*** RECORDS FOR PROCESSING

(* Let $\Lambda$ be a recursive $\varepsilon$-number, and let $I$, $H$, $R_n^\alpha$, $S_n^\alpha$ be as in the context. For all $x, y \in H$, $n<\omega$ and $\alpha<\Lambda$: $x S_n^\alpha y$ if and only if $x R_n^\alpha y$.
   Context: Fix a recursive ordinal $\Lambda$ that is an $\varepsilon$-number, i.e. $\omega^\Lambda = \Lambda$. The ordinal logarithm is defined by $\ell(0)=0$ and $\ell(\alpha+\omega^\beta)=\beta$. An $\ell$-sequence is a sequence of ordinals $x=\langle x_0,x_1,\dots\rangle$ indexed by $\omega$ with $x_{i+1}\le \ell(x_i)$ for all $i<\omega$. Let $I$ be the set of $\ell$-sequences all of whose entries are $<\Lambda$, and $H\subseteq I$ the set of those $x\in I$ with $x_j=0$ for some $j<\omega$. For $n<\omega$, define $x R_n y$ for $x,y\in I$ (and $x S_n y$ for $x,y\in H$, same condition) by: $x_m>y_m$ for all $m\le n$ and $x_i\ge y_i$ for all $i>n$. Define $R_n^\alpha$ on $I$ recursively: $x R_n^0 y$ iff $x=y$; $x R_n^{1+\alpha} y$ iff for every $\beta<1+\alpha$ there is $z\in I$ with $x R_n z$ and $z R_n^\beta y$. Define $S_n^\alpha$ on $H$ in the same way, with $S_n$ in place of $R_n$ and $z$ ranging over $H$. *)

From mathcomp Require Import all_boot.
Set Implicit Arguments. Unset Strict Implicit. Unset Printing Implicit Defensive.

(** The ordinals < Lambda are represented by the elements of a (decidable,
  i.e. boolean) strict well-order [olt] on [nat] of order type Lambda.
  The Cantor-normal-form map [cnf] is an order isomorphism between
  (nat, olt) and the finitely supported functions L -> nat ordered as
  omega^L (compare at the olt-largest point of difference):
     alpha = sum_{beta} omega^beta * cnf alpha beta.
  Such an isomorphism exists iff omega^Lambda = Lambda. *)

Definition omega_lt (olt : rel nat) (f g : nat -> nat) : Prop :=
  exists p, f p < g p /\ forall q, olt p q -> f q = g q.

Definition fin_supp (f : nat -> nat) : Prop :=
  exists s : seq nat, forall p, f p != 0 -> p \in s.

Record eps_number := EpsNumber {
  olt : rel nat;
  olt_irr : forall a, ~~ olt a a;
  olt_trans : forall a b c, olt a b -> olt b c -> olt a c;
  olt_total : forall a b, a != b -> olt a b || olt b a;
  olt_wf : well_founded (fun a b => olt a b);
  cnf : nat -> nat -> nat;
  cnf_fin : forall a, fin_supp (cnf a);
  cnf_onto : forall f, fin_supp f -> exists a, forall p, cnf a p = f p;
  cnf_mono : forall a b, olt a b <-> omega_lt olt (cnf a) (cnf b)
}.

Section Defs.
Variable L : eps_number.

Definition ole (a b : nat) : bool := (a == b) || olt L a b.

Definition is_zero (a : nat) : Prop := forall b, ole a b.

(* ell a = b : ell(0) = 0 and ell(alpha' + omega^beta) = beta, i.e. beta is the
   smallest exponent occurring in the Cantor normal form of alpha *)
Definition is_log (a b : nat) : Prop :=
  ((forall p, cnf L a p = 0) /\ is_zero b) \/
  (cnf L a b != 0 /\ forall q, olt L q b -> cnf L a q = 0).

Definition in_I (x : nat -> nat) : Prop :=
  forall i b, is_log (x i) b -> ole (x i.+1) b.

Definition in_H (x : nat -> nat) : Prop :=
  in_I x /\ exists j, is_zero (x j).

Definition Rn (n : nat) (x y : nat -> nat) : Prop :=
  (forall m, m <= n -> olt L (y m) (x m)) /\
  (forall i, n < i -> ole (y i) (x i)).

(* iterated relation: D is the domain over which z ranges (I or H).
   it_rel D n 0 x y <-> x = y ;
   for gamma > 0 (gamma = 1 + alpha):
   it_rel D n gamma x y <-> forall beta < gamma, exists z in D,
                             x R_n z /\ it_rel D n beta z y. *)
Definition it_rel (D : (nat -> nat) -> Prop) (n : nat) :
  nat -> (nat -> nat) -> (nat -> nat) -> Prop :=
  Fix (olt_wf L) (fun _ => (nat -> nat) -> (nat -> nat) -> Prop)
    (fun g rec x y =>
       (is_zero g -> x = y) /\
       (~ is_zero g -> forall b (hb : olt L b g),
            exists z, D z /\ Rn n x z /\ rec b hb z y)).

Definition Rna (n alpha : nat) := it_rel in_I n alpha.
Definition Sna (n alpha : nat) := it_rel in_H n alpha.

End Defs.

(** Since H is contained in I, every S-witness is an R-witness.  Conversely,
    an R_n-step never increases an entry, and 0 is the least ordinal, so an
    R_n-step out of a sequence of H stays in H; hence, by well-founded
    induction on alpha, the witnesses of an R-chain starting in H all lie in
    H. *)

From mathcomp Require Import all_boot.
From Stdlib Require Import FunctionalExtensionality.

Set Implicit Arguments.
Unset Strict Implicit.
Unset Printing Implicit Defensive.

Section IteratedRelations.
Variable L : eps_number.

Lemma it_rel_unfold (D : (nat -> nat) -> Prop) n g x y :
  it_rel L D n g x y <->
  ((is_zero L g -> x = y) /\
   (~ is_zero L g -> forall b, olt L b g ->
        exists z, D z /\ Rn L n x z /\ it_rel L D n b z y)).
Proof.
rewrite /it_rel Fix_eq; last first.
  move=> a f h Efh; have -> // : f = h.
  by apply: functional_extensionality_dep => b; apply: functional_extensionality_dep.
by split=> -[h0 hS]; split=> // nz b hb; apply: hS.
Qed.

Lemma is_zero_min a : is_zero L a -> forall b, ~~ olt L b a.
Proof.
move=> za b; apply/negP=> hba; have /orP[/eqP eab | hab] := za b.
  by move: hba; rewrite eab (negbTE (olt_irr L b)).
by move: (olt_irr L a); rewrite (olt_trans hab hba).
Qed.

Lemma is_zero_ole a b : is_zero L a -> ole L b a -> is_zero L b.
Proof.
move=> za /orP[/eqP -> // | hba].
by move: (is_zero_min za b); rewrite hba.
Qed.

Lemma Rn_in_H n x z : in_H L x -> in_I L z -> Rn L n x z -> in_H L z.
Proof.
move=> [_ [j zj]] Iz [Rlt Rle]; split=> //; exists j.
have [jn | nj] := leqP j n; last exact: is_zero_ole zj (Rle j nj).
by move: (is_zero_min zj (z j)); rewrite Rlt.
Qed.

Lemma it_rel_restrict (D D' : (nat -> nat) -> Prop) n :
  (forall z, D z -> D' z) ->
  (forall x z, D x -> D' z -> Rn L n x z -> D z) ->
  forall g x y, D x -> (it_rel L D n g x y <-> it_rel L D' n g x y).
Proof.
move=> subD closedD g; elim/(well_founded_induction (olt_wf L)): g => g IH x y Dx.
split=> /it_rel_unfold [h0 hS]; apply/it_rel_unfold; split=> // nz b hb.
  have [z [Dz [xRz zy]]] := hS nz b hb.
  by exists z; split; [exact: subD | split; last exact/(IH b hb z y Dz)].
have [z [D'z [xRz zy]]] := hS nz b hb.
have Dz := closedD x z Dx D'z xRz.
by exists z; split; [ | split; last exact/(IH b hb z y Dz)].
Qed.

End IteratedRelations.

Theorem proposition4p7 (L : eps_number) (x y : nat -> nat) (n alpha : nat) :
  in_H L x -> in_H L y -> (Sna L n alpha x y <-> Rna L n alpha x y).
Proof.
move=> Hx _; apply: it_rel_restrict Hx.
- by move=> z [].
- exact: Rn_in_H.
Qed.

******
*** RECORDS FOR PROCESSING

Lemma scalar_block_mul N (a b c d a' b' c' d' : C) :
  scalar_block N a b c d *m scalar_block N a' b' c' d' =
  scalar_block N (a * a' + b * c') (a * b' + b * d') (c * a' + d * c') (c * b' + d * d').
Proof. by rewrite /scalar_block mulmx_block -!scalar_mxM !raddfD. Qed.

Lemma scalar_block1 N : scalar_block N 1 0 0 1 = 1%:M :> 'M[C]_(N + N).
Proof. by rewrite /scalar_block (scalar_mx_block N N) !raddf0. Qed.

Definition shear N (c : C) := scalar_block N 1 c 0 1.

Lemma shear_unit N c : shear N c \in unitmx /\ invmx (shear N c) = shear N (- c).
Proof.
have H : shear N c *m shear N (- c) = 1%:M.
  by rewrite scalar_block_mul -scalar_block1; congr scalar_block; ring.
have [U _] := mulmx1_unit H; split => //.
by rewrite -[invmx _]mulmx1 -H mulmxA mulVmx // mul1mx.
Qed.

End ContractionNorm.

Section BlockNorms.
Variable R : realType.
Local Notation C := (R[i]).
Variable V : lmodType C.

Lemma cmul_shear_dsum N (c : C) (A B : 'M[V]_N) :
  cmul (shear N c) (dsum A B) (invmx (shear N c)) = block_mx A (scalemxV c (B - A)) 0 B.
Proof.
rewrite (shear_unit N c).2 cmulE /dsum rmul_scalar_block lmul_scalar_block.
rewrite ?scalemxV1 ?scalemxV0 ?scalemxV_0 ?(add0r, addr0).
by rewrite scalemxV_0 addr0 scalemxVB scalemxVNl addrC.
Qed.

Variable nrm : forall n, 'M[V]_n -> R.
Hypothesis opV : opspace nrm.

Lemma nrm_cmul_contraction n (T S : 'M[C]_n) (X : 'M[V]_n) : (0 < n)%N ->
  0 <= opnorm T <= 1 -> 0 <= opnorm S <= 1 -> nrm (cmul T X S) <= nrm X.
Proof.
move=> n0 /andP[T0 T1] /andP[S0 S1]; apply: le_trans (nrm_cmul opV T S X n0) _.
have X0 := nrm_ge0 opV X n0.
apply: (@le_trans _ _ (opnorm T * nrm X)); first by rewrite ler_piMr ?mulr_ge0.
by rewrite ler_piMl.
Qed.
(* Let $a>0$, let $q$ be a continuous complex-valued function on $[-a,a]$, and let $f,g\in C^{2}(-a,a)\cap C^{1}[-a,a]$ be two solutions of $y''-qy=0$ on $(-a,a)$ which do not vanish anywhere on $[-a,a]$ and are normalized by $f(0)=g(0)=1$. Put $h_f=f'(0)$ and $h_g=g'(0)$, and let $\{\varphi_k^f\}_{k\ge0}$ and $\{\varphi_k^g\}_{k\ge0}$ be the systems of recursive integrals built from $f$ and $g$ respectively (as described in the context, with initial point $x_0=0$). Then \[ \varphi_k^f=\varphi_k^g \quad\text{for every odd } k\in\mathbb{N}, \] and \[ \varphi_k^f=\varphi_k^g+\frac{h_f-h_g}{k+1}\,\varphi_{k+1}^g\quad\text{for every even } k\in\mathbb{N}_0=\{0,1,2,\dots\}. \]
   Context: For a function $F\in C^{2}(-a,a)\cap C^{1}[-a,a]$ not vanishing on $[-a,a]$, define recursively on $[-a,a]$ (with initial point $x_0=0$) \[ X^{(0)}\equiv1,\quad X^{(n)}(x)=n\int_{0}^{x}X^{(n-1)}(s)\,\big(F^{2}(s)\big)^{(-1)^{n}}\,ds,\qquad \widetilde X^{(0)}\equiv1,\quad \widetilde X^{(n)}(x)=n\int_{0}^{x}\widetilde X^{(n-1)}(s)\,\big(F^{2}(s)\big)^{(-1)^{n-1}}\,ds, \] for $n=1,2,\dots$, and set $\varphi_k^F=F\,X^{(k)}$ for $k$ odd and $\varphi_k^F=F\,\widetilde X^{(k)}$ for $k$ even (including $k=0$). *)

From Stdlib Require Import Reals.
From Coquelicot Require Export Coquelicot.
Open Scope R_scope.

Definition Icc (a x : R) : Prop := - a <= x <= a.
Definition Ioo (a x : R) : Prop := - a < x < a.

******
*** RECORDS FOR PROCESSING

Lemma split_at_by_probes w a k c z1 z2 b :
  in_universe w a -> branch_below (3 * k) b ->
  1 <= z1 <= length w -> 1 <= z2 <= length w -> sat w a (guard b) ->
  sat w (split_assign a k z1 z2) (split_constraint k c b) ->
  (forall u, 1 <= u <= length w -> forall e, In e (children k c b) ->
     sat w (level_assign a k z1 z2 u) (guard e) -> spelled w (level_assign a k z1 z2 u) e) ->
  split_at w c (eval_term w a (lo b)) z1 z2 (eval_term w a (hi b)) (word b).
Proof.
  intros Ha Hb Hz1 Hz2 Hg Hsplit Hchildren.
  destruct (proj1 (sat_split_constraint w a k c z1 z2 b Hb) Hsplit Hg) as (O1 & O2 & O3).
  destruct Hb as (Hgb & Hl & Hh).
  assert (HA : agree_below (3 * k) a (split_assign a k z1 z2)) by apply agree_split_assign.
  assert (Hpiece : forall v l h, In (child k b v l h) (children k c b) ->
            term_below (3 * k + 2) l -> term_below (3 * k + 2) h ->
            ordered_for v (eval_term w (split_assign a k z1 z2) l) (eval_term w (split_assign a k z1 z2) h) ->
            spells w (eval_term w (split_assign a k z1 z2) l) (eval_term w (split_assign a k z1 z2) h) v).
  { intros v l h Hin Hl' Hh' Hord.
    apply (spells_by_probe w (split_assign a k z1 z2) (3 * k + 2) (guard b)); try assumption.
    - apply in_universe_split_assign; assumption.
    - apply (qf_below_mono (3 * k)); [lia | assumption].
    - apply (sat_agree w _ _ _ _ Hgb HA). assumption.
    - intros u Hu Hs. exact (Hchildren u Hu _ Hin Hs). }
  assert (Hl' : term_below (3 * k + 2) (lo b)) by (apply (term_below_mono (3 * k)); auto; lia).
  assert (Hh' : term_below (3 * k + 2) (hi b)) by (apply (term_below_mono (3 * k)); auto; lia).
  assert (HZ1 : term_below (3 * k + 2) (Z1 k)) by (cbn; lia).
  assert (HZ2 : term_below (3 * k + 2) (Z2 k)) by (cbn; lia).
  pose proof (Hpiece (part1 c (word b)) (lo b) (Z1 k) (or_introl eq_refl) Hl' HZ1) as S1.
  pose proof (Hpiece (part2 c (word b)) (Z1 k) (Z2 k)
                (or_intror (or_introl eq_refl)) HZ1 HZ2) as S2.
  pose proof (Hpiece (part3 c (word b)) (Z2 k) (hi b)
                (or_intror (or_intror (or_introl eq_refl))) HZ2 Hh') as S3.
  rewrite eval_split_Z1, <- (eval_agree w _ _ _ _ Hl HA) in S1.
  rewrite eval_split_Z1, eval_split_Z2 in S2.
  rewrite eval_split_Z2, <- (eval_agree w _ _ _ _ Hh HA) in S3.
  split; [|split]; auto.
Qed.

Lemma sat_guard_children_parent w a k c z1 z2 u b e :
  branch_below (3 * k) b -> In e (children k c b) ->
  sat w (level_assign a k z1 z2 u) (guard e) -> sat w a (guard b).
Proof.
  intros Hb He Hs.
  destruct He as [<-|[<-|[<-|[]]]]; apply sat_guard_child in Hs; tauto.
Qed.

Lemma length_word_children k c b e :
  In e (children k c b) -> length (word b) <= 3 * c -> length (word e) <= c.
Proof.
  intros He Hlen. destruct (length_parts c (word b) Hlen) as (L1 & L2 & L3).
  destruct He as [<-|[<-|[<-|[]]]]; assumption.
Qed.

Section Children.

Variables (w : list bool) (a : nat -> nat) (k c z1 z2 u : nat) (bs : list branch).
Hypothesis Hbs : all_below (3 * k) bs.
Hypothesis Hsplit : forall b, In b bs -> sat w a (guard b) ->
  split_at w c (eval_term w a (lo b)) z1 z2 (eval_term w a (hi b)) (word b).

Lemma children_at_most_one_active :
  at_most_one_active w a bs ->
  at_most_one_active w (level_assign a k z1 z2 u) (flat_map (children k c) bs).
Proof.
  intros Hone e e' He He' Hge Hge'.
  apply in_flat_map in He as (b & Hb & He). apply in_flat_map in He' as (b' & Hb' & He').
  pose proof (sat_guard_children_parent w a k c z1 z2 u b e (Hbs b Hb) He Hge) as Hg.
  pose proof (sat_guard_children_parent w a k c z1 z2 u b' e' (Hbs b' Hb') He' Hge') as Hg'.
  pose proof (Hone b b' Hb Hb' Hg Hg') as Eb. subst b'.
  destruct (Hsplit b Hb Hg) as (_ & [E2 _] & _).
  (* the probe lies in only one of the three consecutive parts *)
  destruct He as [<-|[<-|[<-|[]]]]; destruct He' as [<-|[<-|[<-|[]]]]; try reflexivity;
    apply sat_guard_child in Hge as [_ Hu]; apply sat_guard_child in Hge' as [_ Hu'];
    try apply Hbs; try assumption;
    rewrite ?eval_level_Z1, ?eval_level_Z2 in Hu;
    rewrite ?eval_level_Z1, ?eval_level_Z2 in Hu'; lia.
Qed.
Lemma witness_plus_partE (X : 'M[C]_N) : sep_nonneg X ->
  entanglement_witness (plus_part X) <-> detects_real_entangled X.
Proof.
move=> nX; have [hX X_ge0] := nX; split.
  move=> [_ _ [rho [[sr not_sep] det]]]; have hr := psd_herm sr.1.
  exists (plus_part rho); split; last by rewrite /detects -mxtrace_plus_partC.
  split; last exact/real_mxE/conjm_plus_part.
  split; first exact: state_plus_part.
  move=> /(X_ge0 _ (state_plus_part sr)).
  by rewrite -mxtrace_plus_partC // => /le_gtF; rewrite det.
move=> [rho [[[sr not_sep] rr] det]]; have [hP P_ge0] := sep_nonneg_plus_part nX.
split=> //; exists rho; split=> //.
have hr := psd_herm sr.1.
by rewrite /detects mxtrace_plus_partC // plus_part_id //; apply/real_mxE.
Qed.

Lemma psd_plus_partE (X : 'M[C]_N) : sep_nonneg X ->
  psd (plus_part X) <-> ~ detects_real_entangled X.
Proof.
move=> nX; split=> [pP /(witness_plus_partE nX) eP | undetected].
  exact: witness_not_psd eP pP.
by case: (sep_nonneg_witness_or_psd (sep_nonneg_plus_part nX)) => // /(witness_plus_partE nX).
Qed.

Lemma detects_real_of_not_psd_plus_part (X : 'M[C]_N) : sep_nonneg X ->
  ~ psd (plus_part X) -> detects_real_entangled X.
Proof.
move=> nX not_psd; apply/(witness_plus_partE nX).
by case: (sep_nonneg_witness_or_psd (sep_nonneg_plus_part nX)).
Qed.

******

### EXERCISE
After locating the line holding "destruct Hb as (Hgb & Hl & Hh)." above, output exactly that line and every line after it through the line holding "assert (Hpiece : forall". Include nothing else.

### EXERCISE RESPONSE
  destruct Hb as (Hgb & Hl & Hh).
  assert (HA : agree_below (3 * k) a (split_assign a k z1 z2)) by apply agree_split_assign.
  assert (Hpiece : forall v l h, In (child k b v l h) (children k c b) ->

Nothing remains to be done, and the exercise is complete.